2) Pay close attention to nourishing aspects of personal culture which improve personal and collective happiness:
-be involved in helping others & be involved in your community
-avoid making choices just to keep up with someone else
-avoid criticizing or judging yourself in comparison to someone else; the modern world is set up to make you feel needlessly bad about yourself, or needlessly competitive to change something about yourself that needs affirmation rather than change
-educate oneself, and participate in the education of others, about emotional self-care
3) Watch less TV. The TV is a specific device which has clearly been shown to reduce happiness, through a similar process by which wealth itself can reduce happiness: it is an external source of pleasure, to which we become habituated, at the expense of relationships, community, physical fitness, and personal culture. Also it desensitizes us to violence, which is a further factor leading to increased aggression. Also it feeds, through advertising, the rat-race mentality of acquiring more and more stuff; much of this advertising is directed at children. He quotes an interesting study which supports his view: I might add the internet is another example of something similar.

Addendum: actually, as with many things, I think modern technology can have positive influences too. I remember many experiences of joy, humour, and togetherness watching movies or good TV series. Sometimes the TV can enhance education about the world, history, nature, current events, etc. And TV can introduce us to new aspects of personal culture, and therefore be a cultural enhancement. But I do think that TV can become an addictive and isolative habit; I guess the key is moderation, choosing wisely when and what you watch, and considering carefully why you're watching it.

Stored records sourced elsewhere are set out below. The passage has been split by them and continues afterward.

(* Let $A=(A,\wedge,\vee,\cdot,\to,1)$ be a $\mathsf{DLCMI}$, $a,b\in A$, and $(c,d),(u,w)\in R(a,b)$. Then there are natural numbers $n,k$ such that: 1) $t_n^{2k}(a,b)\cdot(c\to u)\le d\to w$; 2) $t_n^{2k}(a,b)\cdot((c\to u)\wedge a\wedge b)\le (d\to w)\wedge a\wedge b$; 3) $t_n^{2k}(a,b)\cdot((d\to w)\wedge a\wedge b)\le (c\to u)\wedge a\wedge b$; 4) $t_n^{2k}(a,b)\cdot((c\to u)\vee a\vee b)\le (d\to w)\vee a\vee b$; 5) $t_n^{2k}(a,b)\cdot((d\to w)\vee a\vee b)\le (c\to u)\vee a\vee b$; 6) $t_{n+1}^{2k}(a,b)\le (c\to u)\leftrightarrow(d\to w)$.
   Context: An algebra $(A,\wedge,\vee,\cdot,\to,1)$ of type $(2,2,2,2,0)$ is a $\mathsf{DLCMI}$ if for all $a,b,c\in A$: (1) $(A,\wedge,\vee)$ is a distributive lattice; (2) $1$ is its largest element; (3) $(A,\cdot,1)$ is a commutative monoid; (4) $(a\to b)\wedge(a\to c)=a\to(b\wedge c)$; (5) $(a\to c)\wedge(b\to c)=(a\vee b)\to c$; (6) $a\to a=1$; (7) $(a\vee b)\cdot c=(a\cdot c)\vee(b\cdot c)$; (8) $(a\to b)\cdot(b\to c)\le a\to c$; (9) $a\to b\le (a\cdot c)\to(b\cdot c)$. Notation: $x^0=1$, $x^{m}=x\cdot x^{m-1}$; $\square(x)=1\to x$, $\square^0(x)=x$, $\square^{m}$ the $m$-fold iterate; $x\leftrightarrow y=(x\to y)\wedge(y\to x)$; $t_n(a,b)=\square^0(a\leftrightarrow b)\wedge\square(a\leftrightarrow b)\wedge\cdots\wedge\square^n(a\leftrightarrow b)$; $t_n^k(a,b)=(t_n(a,b))^k$. $R(a,b)$ is the binary relation on $A$ with $(c,d)\in R(a,b)$ iff there exist natural numbers $n,k$ such that (C1) $t_n^k(a,b)\cdot(c\wedge a\wedge b)\le d\wedge a\wedge b$ and $t_n^k(a,b)\cdot(d\wedge a\wedge b)\le c\wedge a\wedge b$; (C2) $t_n^k(a,b)\cdot(c\vee a\vee b)\le d\vee a\vee b$ and $t_n^k(a,b)\cdot(d\vee a\vee b)\le c\vee a\vee b$; (C3) $t_n^k(a,b)\le c\leftrightarrow d$. *)

From mathcomp Require Import all_boot all_order.
Set Implicit Arguments. Unset Strict Implicit. Unset Printing Implicit Defensive.
Import Order.TTheory.
Local Open Scope order_scope.

(* A DLCMI: the lattice reduct (A, meet, join) is a mathcomp distributive
   lattice; the order <= is the lattice order. The remaining operations are
   explicit. *)
Record DLCMI_axioms (disp : Order.disp_t) (A : distrLatticeType disp)
    (mul imp : A -> A -> A) (one : A) : Prop := {
  dlcmi_top   : forall a : A, a <= one;
  dlcmi_mulA  : forall a b c : A, mul a (mul b c) = mul (mul a b) c;
  dlcmi_mulC  : forall a b : A, mul a b = mul b a;
  dlcmi_mul1  : forall a : A, mul one a = a;
  dlcmi_impM  : forall a b c : A, imp a b `&` imp a c = imp a (b `&` c);
  dlcmi_impJ  : forall a b c : A, imp a c `&` imp b c = imp (a `|` b) c;
  dlcmi_impxx : forall a : A, imp a a = one;
  dlcmi_mulJ  : forall a b c : A, mul (a `|` b) c = mul a c `|` mul b c;
  dlcmi_trans : forall a b c : A, mul (imp a b) (imp b c) <= imp a c;
  dlcmi_mono  : forall a b c : A, imp a b <= imp (mul a c) (mul b c)
}.

Section Ops.
Context {disp : Order.disp_t} {A : distrLatticeType disp}
        (mul imp : A -> A -> A) (one : A).

Definition dpow (x : A) (m : nat) : A := iter m (mul x) one.
Definition dbox (x : A) : A := imp one x.
Definition dboxn (m : nat) (x : A) : A := iter m dbox x.
Definition dbiimp (x y : A) : A := imp x y `&` imp y x.
Fixpoint dt (n : nat) (a b : A) : A :=
  match n with
  | 0 => dboxn 0 (dbiimp a b)
  | n'.+1 => dt n' a b `&` dboxn n'.+1 (dbiimp a b)
  end.
Definition dtk (n k : nat) (a b : A) : A := dpow (dt n a b) k.

Definition inR (a b c e : A) : Prop :=
  exists n k : nat,
    [/\ mul (dtk n k a b) (c `&` a `&` b) <= e `&` a `&` b,
        mul (dtk n k a b) (e `&` a `&` b) <= c `&` a `&` b,
        mul (dtk n k a b) (c `|` a `|` b) <= e `|` a `|` b,
        mul (dtk n k a b) (e `|` a `|` b) <= c `|` a `|` b
      & dtk n k a b <= dbiimp c e].
End Ops.

From mathcomp Require Import all_boot all_order.
Import Order.TTheory.
Set Implicit Arguments. Unset Strict Implicit.
Local Open Scope order_scope.

(* Only condition (C3) of R(a,b) matters.  If s := t_n^k(a,b) lies below both
   c <-> d and u <-> w, then the transitivity axiom (8) gives
   s * s * (c -> u) <= (d -> c) * (c -> u) * (u -> w) <= d -> w, and
   s * s = t_n^{2k}(a,b); the inequalities with a and b follow because
   multiplication is decreasing.  For 6), box is submultiplicative and
   t_{n+1} <= box t_n, so t_{n+1}^{2k} <= box (s * s), while axiom (9) with
   the factor 1 gives box x <= y -> x * y for every y. *)

Section DLCMITheory.

Variables (disp : Order.disp_t) (A : distrLatticeType disp).
Variables (mul imp : A -> A -> A) (one : A).
Hypothesis HA : DLCMI_axioms mul imp one.

Local Notation pow := (dpow mul one).
Local Notation box := (dbox imp one).
Local Notation biimp := (dbiimp imp).

Let mulA := dlcmi_mulA HA.
Let mulC := dlcmi_mulC HA.
Let mul1 := dlcmi_mul1 HA.

Lemma le_mul2r (x y z : A) : x <= y -> mul x z <= mul y z.
Proof. by move=> /join_r <-; rewrite (dlcmi_mulJ HA) leUl. Qed.

Lemma le_mul2l (x y z : A) : x <= y -> mul z x <= mul z y.
Proof. by move=> le_xy; rewrite ![mul z _]mulC le_mul2r. Qed.

Lemma le_mul (x y z t : A) : x <= y -> z <= t -> mul x z <= mul y t.
Proof. by move=> le_xy le_zt; apply: le_trans (le_mul2r z le_xy) (le_mul2l y le_zt). Qed.

Lemma leMr (x y : A) : mul x y <= y.
Proof. by rewrite -{2}[y]mul1 le_mul2r ?(dlcmi_top HA). Qed.

Lemma le_imp2l (x y z : A) : y <= z -> imp x y <= imp x z.
Proof. by move=> /meet_l <-; rewrite -(dlcmi_impM HA) leIr. Qed.

Lemma box_le_imp_mul (x y : A) : box x <= imp y (mul x y).
Proof. by have := dlcmi_mono HA one x y; rewrite mul1. Qed.

Lemma box_le_imp (x y z : A) : mul x y <= z -> box x <= imp y z.
Proof. by move=> le_xyz; apply: le_trans (box_le_imp_mul x y) (le_imp2l _ le_xyz). Qed.

Lemma box_mul (x y : A) : mul (box x) (box y) <= box (mul x y).
Proof.
apply: le_trans (dlcmi_trans HA one y (mul x y)).
by rewrite mulC le_mul2l // -[y in imp y]mul1 (dlcmi_mono HA).
Qed.

Lemma mul_imp_chain (x y c d u w : A) :
  x <= imp d c -> y <= imp u w -> mul (mul x y) (imp c u) <= imp d w.
Proof.
move=> le_x le_y; rewrite -mulA [mul y _]mulC mulA.
apply: le_trans (le_mul (le_mul le_x (lexx _)) le_y) _.
exact: le_trans (le_mul2r _ (dlcmi_trans HA _ _ _)) (dlcmi_trans HA _ _ _).
Qed.

Lemma le_mul_meetr (x y z t : A) : mul t x <= y -> mul t (x `&` z) <= y `&` z.
Proof.
move=> le_txy; rewrite lexI (le_trans (leMr _ _) (leIr _ _)) andbT.
exact: le_trans (le_mul2l _ (leIl _ _)) le_txy.
Qed.

Lemma le_mul_joinr (x y z t : A) : mul t x <= y -> mul t (x `|` z) <= y `|` z.
Proof. by move=> le_txy; rewrite mulC (dlcmi_mulJ HA) leU2 // mulC ?leMr. Qed.

Lemma dpowD (x : A) (i j : nat) : pow x (i + j) = mul (pow x i) (pow x j).
Proof. by elim: i => [|i IH]; rewrite ?mul1 // addSn /dpow !iterS -/(dpow _ _ _ _) IH mulA. Qed.

Lemma le_dpow (x y : A) (k : nat) : x <= y -> pow x k <= pow y k.
Proof. by move=> le_xy; elim: k => [|k IH] //; rewrite /dpow !iterS le_mul. Qed.

Lemma dpow_le_exp (x : A) (i j : nat) : (j <= i)%N -> pow x i <= pow x j.
Proof.
move=> /subnK <-; elim: (i - j)%N => [|m IH] //.
by rewrite addSn /dpow iterS (le_trans (leMr _ _) IH).
Qed.

Lemma dpow_box (x : A) (k : nat) : pow (box x) k <= box (pow x k).
Proof.
elim: k => [|k IH]; first by rewrite /= /dbox (dlcmi_impxx HA).
by rewrite /dpow !iterS (le_trans (le_mul2l _ IH) (box_mul _ _)).
Qed.

Lemma dt_le (a b : A) (m n : nat) : (m <= n)%N -> dt imp one n a b <= dt imp one m a b.
Proof.
move=> /subnK <-; elim: (n - m)%N => [|j IH] //.
by rewrite addSn (le_trans (leIl _ _) IH).
Qed.

Lemma dtS_le_box (a b : A) (n : nat) : dt imp one n.+1 a b <= box (dt imp one n a b).
Proof.
elim: n => [|n IH]; first exact: leIr.
rewrite [dt _ _ n.+2 a b]/= [dt _ _ n.+1 a b]/= /dbox -(dlcmi_impM HA).
by rewrite leI2 // /dboxn iterS.
Qed.

Lemma dtk_le (a b : A) (m n i j : nat) :
  (m <= n)%N -> (i <= j)%N -> dtk mul imp one n j a b <= dtk mul imp one m i a b.
Proof. by move=> le_mn le_ij; rewrite (le_trans (dpow_le_exp _ le_ij)) ?le_dpow ?dt_le. Qed.

Lemma dtk_double (a b : A) (n k : nat) :
  dtk mul imp one n (2 * k) a b = mul (dtk mul imp one n k a b) (dtk mul imp one n k a b).
Proof. by rewrite /dtk mul2n -addnn dpowD. Qed.

Lemma dtkS_le_box (a b : A) (n k : nat) :
  dtk mul imp one n.+1 k a b <= box (dtk mul imp one n k a b).
Proof. exact: le_trans (le_dpow _ (dtS_le_box _ _ _)) (dpow_box _ _). Qed.

Lemma inR_biimp (a b c d : A) : inR mul imp one a b c d ->
  exists n k, forall m j, (n <= m)%N -> (k <= j)%N ->
    dtk mul imp one m j a b <= biimp c d.
Proof.
move=> [n [k [_ _ _ _ le_cd]]]; exists n, k => m j le_nm le_kj.
exact: le_trans (dtk_le _ _ le_nm le_kj) le_cd.
Qed.

End DLCMITheory.

Theorem lemma3p8 (disp : Order.disp_t) (A : distrLatticeType disp)
    (mul imp : A -> A -> A) (one : A) :
  DLCMI_axioms mul imp one ->
  forall a b c d u w : A,
    inR mul imp one a b c d -> inR mul imp one a b u w ->
    exists n k : nat,
      mul (dtk mul imp one n (2 * k)%N a b) (imp c u) <= imp d w /\
          mul (dtk mul imp one n (2 * k)%N a b) (imp c u `&` a `&` b)
            <= imp d w `&` a `&` b /\
          mul (dtk mul imp one n (2 * k)%N a b) (imp d w `&` a `&` b)
            <= imp c u `&` a `&` b /\
          mul (dtk mul imp one n (2 * k)%N a b) (imp c u `|` a `|` b)
            <= imp d w `|` a `|` b /\
          mul (dtk mul imp one n (2 * k)%N a b) (imp d w `|` a `|` b)
            <= imp c u `|` a `|` b /\
          dtk mul imp one n.+1 (2 * k)%N a b <= dbiimp imp (imp c u) (imp d w).
Proof.
move=> HA a b c d u w /(inR_biimp HA)[n1 [k1 Hcd]] /(inR_biimp HA)[n2 [k2 Huw]].
set n := maxn n1 n2; set k := maxn k1 k2.
have := Hcd n k (leq_maxl _ _) (leq_maxl _ _).
have := Huw n k (leq_maxr _ _) (leq_maxr _ _).
rewrite /dbiimp !lexI => /andP[s_uw s_wu] /andP[s_cd s_dc].
have fwd := mul_imp_chain HA s_dc s_uw; have bwd := mul_imp_chain HA s_cd s_wu.
rewrite -(dtk_double HA) in fwd bwd.
exists n, k; split; first exact: fwd.
do 2 (split; first by do 2 apply: (le_mul_meetr HA)).
do 2 (split; first by do 2 apply: (le_mul_joinr HA)).
rewrite (le_trans (dtkS_le_box HA _ _ _ _)) // /dbiimp lexI.
by rewrite !(box_le_imp HA).
Qed.
Definition compose (a : assignment) (om : var -> sval var) : assignment :=
  fun x => match om x with
           | SLit l => Z.eqb (eval_lit a l) 1
           | SConst b => b
           end.

Definition objective := list (Z * lit var).
Definition eval_obj (f : objective) (a : assignment) : Z := eval_terms a f.

Definition obj_le (f : objective) (k : Z) : constraint var :=
  (map (fun t => (- fst t, snd t)) f, - k).

(** v in Z u {oo}: [None] is oo. The formula {f <= v - 1} (empty for oo). *)
Definition obj_le_vm1 (f : objective) (v : option Z) : list (constraint var) :=
  match v with Some k => [obj_le f (k - 1)] | None => [] end.

(** f|_om <= f  as the PB constraint  f - (terms of f|_om) >= (const of f|_om). *)
Definition obj_subst_le (f : objective) (om : var -> sval var) : constraint var :=
  let p := subst_terms om f in
  (f ++ map (fun t => (- fst t, snd t)) (fst p), snd p).

(** Cutting planes. Two constraints are identified when they denote the
    same linear form over variables (rewriting Neg x as 1 - x). *)
Definition coef (C : constraint var) (x : var) : Z :=
  fold_right (fun t s =>
    match snd t with
    | Pos y => if Nat.eqb x y then fst t + s else s
    | Neg y => if Nat.eqb x y then - fst t + s else s
    end) 0 (terms C).

Definition norm_degree (C : constraint var) : Z :=
  degree C - fold_right (fun t s =>
    match snd t with Pos _ => s | Neg _ => fst t + s end) 0 (terms C).

Definition same_form (C D : constraint var) : Prop :=
  (forall x, coef C x = coef D x) /\ norm_degree C = norm_degree D.

Definition ceil_div (a d : Z) : Z := (a + d - 1) / d.

Inductive cp (G : list (constraint var)) : constraint var -> Prop :=
| cp_axiom : forall C, In C G -> cp G C
| cp_lit : forall l, cp G ([(1, l)], 0)
| cp_add : forall C1 C2, cp G C1 -> cp G C2 ->
    cp G (terms C1 ++ terms C2, degree C1 + degree C2)
| cp_scale : forall c C, c > 0 -> cp G C ->
    cp G (map (fun t => (c * fst t, snd t)) (terms C), c * degree C)
| cp_div : forall d C, d > 0 -> cp G C ->
    (forall t, In t (terms C) -> fst t >= 0) ->
    cp G (map (fun t => (ceil_div (fst t) d, snd t)) (terms C), ceil_div (degree C) d)
| cp_same : forall C D, cp G C -> same_form C D -> cp G D.

Definition derives (G : list (constraint var)) (D : constraint var) : Prop :=
  cp G D \/ cp (neg_c D :: G) ([], 1).

Definition derives_all (G H : list (constraint var)) : Prop :=
  forall D, In D H -> derives G D.

(** Preorder encodings: O(u, v) over placeholders u_i = (false, i),
    v_i = (true, i), i < n, together with z = (z_1, ..., z_n). *)
Record penc := {
  pe_n : nat;
  pe_O : list (constraint (bool * Fin.t pe_n));
  pe_z : Fin.t pe_n -> var }.

Definition pre (O : penc) (a b : assignment) : Prop :=
  sat_f (fun p : bool * Fin.t (pe_n O) =>
           if fst p then b (pe_z O (snd p)) else a (pe_z O (snd p))) (pe_O O).

Definition is_preorder_enc (O : penc) : Prop :=
  (forall a, pre O a a) /\
  (forall a b c, pre O a b -> pre O b c -> pre O a c).

Definition O_subst (O : penc) (om : var -> sval var) : list (constraint var) :=
  subst_f (fun p : bool * Fin.t (pe_n O) =>
             if fst p then SLit (Pos (pe_z O (snd p))) else om (pe_z O (snd p)))
          (pe_O O).

Definition pre_f (O : penc) (f : objective) (a b : assignment) : Prop :=
  pre O a b /\ eval_obj f a <= eval_obj f b.

Definition lt_v (v' : Z) (v : option Z) : Prop :=
  match v with Some k => v' < k | None => True end.

Definition weakly_valid (F : list (constraint var)) (f : objective)
  (Cs Ds : list (constraint var)) (O : penc) (v : option Z) : Prop :=
  (forall v', lt_v v' v ->
     satisfiable (F ++ [obj_le f v']) -> satisfiable (Cs ++ [obj_le f v'])) /\
  (forall rho : assignment, sat_f rho (Cs ++ obj_le_vm1 f v) ->
     exists rho', pre_f O f rho' rho /\ sat_f rho' (Cs ++ Ds ++ obj_le_vm1 f v)).

Definition valid (F : list (constraint var)) (f : objective)
  (Cs Ds : list (constraint var)) (O : penc) (v : option Z) : Prop :=
  weakly_valid F f Cs Ds O v /\
  (forall k, v = Some k -> satisfiable (F ++ [obj_le f k])) /\
  (forall v', lt_v v' v ->
     satisfiable (Cs ++ [obj_le f v']) -> satisfiable (F ++ [obj_le f v'])).

From Stdlib Require Import ZArith List Lia Classical.
Import ListNotations.
Open Scope Z_scope.

(** Shrinking [Ds] only weakens condition (2), and dropping a constraint from
    [Cs] only enlarges the solution set.  The redundancy hypothesis repairs the
    second change: an assignment [rho] that satisfies [Cs'] and [f <= v - 1] but
    violates [C] satisfies the premises of the derivation, so by soundness of
    cutting planes [rho o omega] satisfies [Cs' u {C}] and lies below [rho] in
    the order [<=_f].  Hence every solution of the new configuration dominates
    a solution of the old one, and transitivity of [<=_f] transfers (weak)
    validity. *)

Section Evaluation.

Variables (V : Type) (a : V -> bool).

Lemma eval_lit_01 l : eval_lit a l = 0 \/ eval_lit a l = 1.
Proof. destruct l as [x|x]; simpl; destruct (a x); simpl; auto. Qed.

Lemma eval_terms_cons t ts :
  eval_terms a (t :: ts) = fst t * eval_lit a (snd t) + eval_terms a ts.
Proof. reflexivity. Qed.

Lemma eval_terms_app ts1 ts2 :
  eval_terms a (ts1 ++ ts2) = eval_terms a ts1 + eval_terms a ts2.
Proof.
  induction ts1 as [|t ts1 IH]; [reflexivity|].
  unfold eval_terms in *; simpl; rewrite IH; lia.
Qed.

Lemma eval_terms_opp ts :
  eval_terms a (map (fun t => (- fst t, snd t)) ts) = - eval_terms a ts.
Proof.
  induction ts as [|t ts IH]; [reflexivity|].
  unfold eval_terms in *; simpl; rewrite IH; lia.
Qed.

Lemma eval_terms_scale c ts :
  eval_terms a (map (fun t => (c * fst t, snd t)) ts) = c * eval_terms a ts.
Proof.
  induction ts as [|t ts IH]; [cbn; lia|].
  unfold eval_terms in *; simpl; rewrite IH; lia.
Qed.

Lemma ceil_div_mul_ge x d : d > 0 -> d * ceil_div x d >= x.
Proof.
  intro Hd; unfold ceil_div.
  pose proof (Z.div_mod (x + d - 1) d ltac:(lia)).
  pose proof (Z.mod_pos_bound (x + d - 1) d ltac:(lia)).
  lia.
Qed.

Lemma ceil_div_le x d s : d > 0 -> d * s >= x -> ceil_div x d <= s.
Proof.
  intros Hd H; unfold ceil_div.
  enough ((x + d - 1) / d < s + 1) by lia.
  apply Z.div_lt_upper_bound; lia.
Qed.

Lemma eval_terms_ceil_div d ts : d > 0 ->
  d * eval_terms a (map (fun t => (ceil_div (fst t) d, snd t)) ts)
  >= eval_terms a ts.
Proof.
  intro Hd; induction ts as [|[c l] ts IH]; [simpl; lia|].
  unfold eval_terms in *; simpl.
  pose proof (ceil_div_mul_ge c d Hd).
  destruct (eval_lit_01 l) as [E|E]; rewrite E; nia.
Qed.

Lemma sat_f_app G1 G2 : sat_f a (G1 ++ G2) <-> sat_f a G1 /\ sat_f a G2.
Proof.
  unfold sat_f; split.
  - intros H; split; intros C HC; apply H, in_app_iff; auto.
  - intros [H1 H2] C HC; apply in_app_iff in HC as [HC|HC]; auto.
Qed.

Lemma sat_neg_c C : ~ sat_c a C -> sat_c a (neg_c C).
Proof. unfold sat_c, neg_c; simpl; rewrite eval_terms_opp; lia. Qed.

End Evaluation.

Lemma eval_terms_ext {V} (a b : V -> bool) ts :
  (forall x, a x = b x) -> eval_terms a ts = eval_terms b ts.
Proof.
  intro Hab; induction ts as [|[c l] ts IH]; [reflexivity|].
  unfold eval_terms in *; simpl; rewrite IH.
  destruct l; simpl; rewrite Hab; reflexivity.
Qed.

Fixpoint zsum (N : nat) (g : nat -> Z) : Z :=
  match N with 0%nat => 0 | S n => zsum n g + g n end.

Lemma zsum_ext N g h :
  (forall x, (x < N)%nat -> g x = h x) -> zsum N g = zsum N h.
Proof.
  induction N as [|N IH]; intros Hgh; simpl; [reflexivity|].
  rewrite IH, Hgh; [reflexivity|lia|intros x Hx; apply Hgh; lia].
Qed.

Lemma zsum_add N g h : zsum N (fun x => g x + h x) = zsum N g + zsum N h.
Proof. induction N; simpl; lia. Qed.

Lemma zsum_indicator N y c (h : nat -> Z) : (y < N)%nat ->
  zsum N (fun x => (if Nat.eqb x y then c else 0) * h x) = c * h y.
Proof.
  induction N as [|N IH]; intros Hy; [lia|]; simpl.
  destruct (Nat.eqb_spec N y) as [<-|Ny].
  - rewrite (zsum_ext _ _ (fun _ => 0)).
    + clear; induction N; simpl; lia.
    + intros x Hx; destruct (Nat.eqb_spec x N); [lia|reflexivity].
  - rewrite IH by lia; lia.
Qed.

Definition neg_const (ts : list (Z * lit var)) : Z :=
  fold_right (fun t s => match snd t with Pos _ => s | Neg _ => fst t + s end) 0 ts.

Definition var_bound (ts : list (Z * lit var)) : nat :=
  fold_right (fun t s => match snd t with Pos y | Neg y => S y + s end)%nat 0%nat ts.

(* Reading [Neg y] as [1 - y] splits a linear form into its coefficient vector
   and a constant; these are the data [same_form] compares. *)
Lemma eval_terms_coef a ts d N : (var_bound ts <= N)%nat ->
  eval_terms a ts = zsum N (fun x => coef (ts, d) x * b2z (a x)) + neg_const ts.
Proof.
  induction ts as [|[c [y|y]] ts IH]; intros HN.
  - simpl; clear; induction N; simpl; lia.
  - simpl in HN.
    rewrite (zsum_ext _ _ (fun x => (if Nat.eqb x y then c else 0) * b2z (a x)
                                    + coef (ts, d) x * b2z (a x)))
      by (intros x _; unfold coef; simpl; destruct (Nat.eqb x y); lia).
    rewrite eval_terms_cons, (IH ltac:(lia)), zsum_add, zsum_indicator by lia.
    simpl; lia.
  - simpl in HN.
    rewrite (zsum_ext _ _ (fun x => (if Nat.eqb x y then - c else 0) * b2z (a x)
                                    + coef (ts, d) x * b2z (a x)))
      by (intros x _; unfold coef; simpl; destruct (Nat.eqb x y); lia).
    rewrite eval_terms_cons, (IH ltac:(lia)), zsum_add, zsum_indicator by lia.
    change (neg_const ((c, Neg y) :: ts)) with (c + neg_const ts); cbn [fst snd eval_lit]; ring.
Qed.

Lemma same_form_sat a C D : same_form C D -> sat_c a C -> sat_c a D.
Proof.
  intros [Hcoef Hdeg]; destruct C as [tc dc], D as [td dd].
  unfold sat_c, norm_degree in *; simpl in *.
  fold (neg_const tc) (neg_const td) in Hdeg.
  set (N := (var_bound tc + var_bound td)%nat).
  rewrite (eval_terms_coef a tc dc N), (eval_terms_coef a td dd N) by lia.
  rewrite (zsum_ext _ _ (fun x => coef (td, dd) x * b2z (a x)))
    by (intros x _; rewrite Hcoef; reflexivity).
  lia.
Qed.

Lemma cp_sound G a D : sat_f a G -> cp G D -> sat_c a D.
Proof.
  intros HG H; induction H; unfold sat_c in *; simpl in *.
  - apply HG; assumption.
  - unfold eval_terms; simpl.
    destruct (eval_lit_01 _ a l) as [E|E]; rewrite E; lia.
  - rewrite eval_terms_app; lia.
  - rewrite eval_terms_scale; nia.
  - pose proof (eval_terms_ceil_div _ a d (terms C) H).
    apply Z.le_ge, ceil_div_le; lia.
  - eapply same_form_sat; eassumption.
Qed.

Lemma derives_sound G a D : sat_f a G -> derives G D -> sat_c a D.
Proof.
  intros HG [H|H]; [eapply cp_sound; eassumption|].
  destruct (classic (sat_c a D)) as [SD|SD]; [assumption|exfalso].
  enough (Hfalse : sat_c a ([] : list (Z * lit var), 1)) by (cbv in Hfalse; auto).
  eapply cp_sound; [|exact H].
  intros E [<-|HE]; [apply sat_neg_c|apply HG]; assumption.
Qed.

Lemma derives_all_sound G H a : sat_f a G -> derives_all G H -> sat_f a H.
Proof. intros HG HH D HD; eapply derives_sound; [exact HG|apply HH, HD]. Qed.

(* [compose] for arbitrary variable types, as needed for the placeholder
   variables of a preorder encoding. *)
Definition assign_comp {V W} (a : W -> bool) (om : V -> sval W) : V -> bool :=
  fun x => match om x with SLit l => Z.eqb (eval_lit a l) 1 | SConst b => b end.

Definition eval_sval {W} (a : W -> bool) (s : sval W) : Z :=
  match s with SLit l => eval_lit a l | SConst b => b2z b end.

I especially agree with Layard's ideas about encouraging children to learn from an early age about ways to manage and understand emotion, to practice compassion and empathy (yes, compassion and empathy can be "practiced" and "learned"), and to be involved in community-building. It often concerns me that many supposed community-building activities involving children (e.g. sports, academics, or even music lessons) end up being subverted into yet another rat-race or competition. Ideas from cognitive therapy could be introduced in elementary school, and I'm pretty sure that this could help prevent, or lessen the severity of, many cases of mood and anxiety disorder.

I also especially agree with certain other public policy points: for example, I think it is unconscionable that governments encourage gambling as a form of revenue. To encourage, and advertise, an addictive behaviour which takes individuals away from their families, loved ones, and communities, and leaves some in a miserable state of addiction, just because it is an efficient source of revenue, is extremely poor public policy. It is poor economic policy too, since more people spending more time gambling surely does not lead to increased economic success for individuals or communities, except for the people running the casinos.

I think his ideas about limiting commercial advertising directed at children warrants serious attention. Apparently Sweden has banned such advertising; the Scandinavian countries appear to be a good example to follow in terms of public policy which considers well-being above mere economic optimization.